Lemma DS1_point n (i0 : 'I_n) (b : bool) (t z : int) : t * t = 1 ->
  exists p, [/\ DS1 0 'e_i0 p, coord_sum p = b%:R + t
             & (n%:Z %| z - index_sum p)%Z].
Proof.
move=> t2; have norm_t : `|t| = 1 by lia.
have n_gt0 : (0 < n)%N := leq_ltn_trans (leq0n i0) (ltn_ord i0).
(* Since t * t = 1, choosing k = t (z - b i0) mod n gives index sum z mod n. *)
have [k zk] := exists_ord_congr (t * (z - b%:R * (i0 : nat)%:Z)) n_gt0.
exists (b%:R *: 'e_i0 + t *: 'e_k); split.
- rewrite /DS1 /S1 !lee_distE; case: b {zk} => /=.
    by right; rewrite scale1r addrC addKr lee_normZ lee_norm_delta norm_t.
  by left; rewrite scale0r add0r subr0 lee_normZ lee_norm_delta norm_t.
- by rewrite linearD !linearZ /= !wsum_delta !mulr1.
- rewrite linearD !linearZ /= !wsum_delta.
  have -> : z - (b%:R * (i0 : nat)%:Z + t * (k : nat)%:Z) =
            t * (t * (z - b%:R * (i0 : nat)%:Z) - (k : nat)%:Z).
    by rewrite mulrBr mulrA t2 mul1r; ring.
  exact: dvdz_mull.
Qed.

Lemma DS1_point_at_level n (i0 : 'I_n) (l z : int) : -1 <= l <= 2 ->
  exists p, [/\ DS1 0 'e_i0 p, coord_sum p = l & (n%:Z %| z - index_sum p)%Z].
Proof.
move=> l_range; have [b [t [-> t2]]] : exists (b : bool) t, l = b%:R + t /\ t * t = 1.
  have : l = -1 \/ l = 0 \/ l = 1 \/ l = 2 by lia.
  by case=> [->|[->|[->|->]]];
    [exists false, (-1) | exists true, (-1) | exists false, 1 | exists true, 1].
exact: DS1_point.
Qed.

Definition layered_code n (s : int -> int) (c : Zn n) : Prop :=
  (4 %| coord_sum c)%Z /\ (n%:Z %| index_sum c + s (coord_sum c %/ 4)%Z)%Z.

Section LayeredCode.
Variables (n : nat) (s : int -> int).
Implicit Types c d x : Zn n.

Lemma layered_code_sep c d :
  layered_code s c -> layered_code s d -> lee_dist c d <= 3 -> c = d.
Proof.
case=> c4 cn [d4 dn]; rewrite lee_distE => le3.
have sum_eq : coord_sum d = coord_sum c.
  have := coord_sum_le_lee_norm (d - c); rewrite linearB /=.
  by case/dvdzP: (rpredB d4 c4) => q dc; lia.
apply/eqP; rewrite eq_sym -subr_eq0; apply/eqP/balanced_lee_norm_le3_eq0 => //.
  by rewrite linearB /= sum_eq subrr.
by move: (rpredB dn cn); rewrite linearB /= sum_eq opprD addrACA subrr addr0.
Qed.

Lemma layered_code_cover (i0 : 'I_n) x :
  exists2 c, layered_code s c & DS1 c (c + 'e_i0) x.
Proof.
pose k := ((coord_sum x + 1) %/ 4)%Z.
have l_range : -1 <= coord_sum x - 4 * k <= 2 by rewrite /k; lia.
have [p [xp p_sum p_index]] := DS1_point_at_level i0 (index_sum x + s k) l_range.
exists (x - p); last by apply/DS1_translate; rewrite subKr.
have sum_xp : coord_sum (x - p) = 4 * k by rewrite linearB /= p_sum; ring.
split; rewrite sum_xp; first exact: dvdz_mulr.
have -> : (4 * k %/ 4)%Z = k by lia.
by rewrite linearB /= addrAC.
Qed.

^^^^^^^^

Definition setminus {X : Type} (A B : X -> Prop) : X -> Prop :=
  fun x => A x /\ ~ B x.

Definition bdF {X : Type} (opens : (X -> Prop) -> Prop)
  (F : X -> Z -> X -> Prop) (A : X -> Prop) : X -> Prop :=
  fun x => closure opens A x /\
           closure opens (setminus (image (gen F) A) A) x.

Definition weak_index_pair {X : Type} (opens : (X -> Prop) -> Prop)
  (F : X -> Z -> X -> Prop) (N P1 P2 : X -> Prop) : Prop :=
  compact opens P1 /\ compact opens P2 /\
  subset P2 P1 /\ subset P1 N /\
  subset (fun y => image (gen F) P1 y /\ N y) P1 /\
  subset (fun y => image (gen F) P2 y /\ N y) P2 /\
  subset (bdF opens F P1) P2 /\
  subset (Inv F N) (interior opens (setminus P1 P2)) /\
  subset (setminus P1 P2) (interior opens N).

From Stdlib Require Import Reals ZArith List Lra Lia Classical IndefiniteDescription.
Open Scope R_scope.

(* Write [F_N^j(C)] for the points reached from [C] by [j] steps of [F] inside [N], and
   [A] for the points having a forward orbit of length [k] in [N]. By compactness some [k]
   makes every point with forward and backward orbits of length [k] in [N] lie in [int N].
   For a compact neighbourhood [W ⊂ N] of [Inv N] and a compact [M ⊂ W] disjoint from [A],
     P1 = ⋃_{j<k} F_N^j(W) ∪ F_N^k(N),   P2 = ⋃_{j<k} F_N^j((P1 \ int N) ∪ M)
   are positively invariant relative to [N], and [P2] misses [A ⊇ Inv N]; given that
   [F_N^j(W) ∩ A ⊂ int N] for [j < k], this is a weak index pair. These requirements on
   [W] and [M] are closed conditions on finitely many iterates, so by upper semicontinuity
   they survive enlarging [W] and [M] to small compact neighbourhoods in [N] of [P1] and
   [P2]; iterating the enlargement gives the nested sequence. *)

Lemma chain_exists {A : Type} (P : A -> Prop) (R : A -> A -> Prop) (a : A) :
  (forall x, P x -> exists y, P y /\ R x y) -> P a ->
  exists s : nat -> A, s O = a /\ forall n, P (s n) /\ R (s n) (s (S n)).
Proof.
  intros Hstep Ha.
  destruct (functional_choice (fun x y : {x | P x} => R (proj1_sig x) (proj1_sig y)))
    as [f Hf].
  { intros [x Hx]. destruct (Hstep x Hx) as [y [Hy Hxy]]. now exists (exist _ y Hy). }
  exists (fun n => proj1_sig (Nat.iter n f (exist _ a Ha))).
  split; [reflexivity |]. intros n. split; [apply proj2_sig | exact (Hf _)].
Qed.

^^^^^^^^

#### [WHAT IS BEING ASKED]
Look in the material above for the line with "by case/dvdzP: (rpredB d4 c4) => q dc; lia." and the line with "have sum_xp : coord_sum", and transcribe exactly those lines and all lines between them, nothing more.

#### [RESULT OF THIS EXERCISE]
  by case/dvdzP: (rpredB d4 c4) => q dc; lia.
apply/eqP; rewrite eq_sym -subr_eq0; apply/eqP/balanced_lee_norm_le3_eq0 => //.
  by rewrite linearB /= sum_eq subrr.
by move: (rpredB dn cn); rewrite linearB /= sum_eq opprD addrACA subrr addr0.
Qed.

Lemma layered_code_cover (i0 : 'I_n) x :
  exists2 c, layered_code s c & DS1 c (c + 'e_i0) x.
Proof.
pose k := ((coord_sum x + 1) %/ 4)%Z.
have l_range : -1 <= coord_sum x - 4 * k <= 2 by rewrite /k; lia.
have [p [xp p_sum p_index]] := DS1_point_at_level i0 (index_sum x + s k) l_range.
exists (x - p); last by apply/DS1_translate; rewrite subKr.
have sum_xp : coord_sum (x - p) = 4 * k by rewrite linearB /= p_sum; ring.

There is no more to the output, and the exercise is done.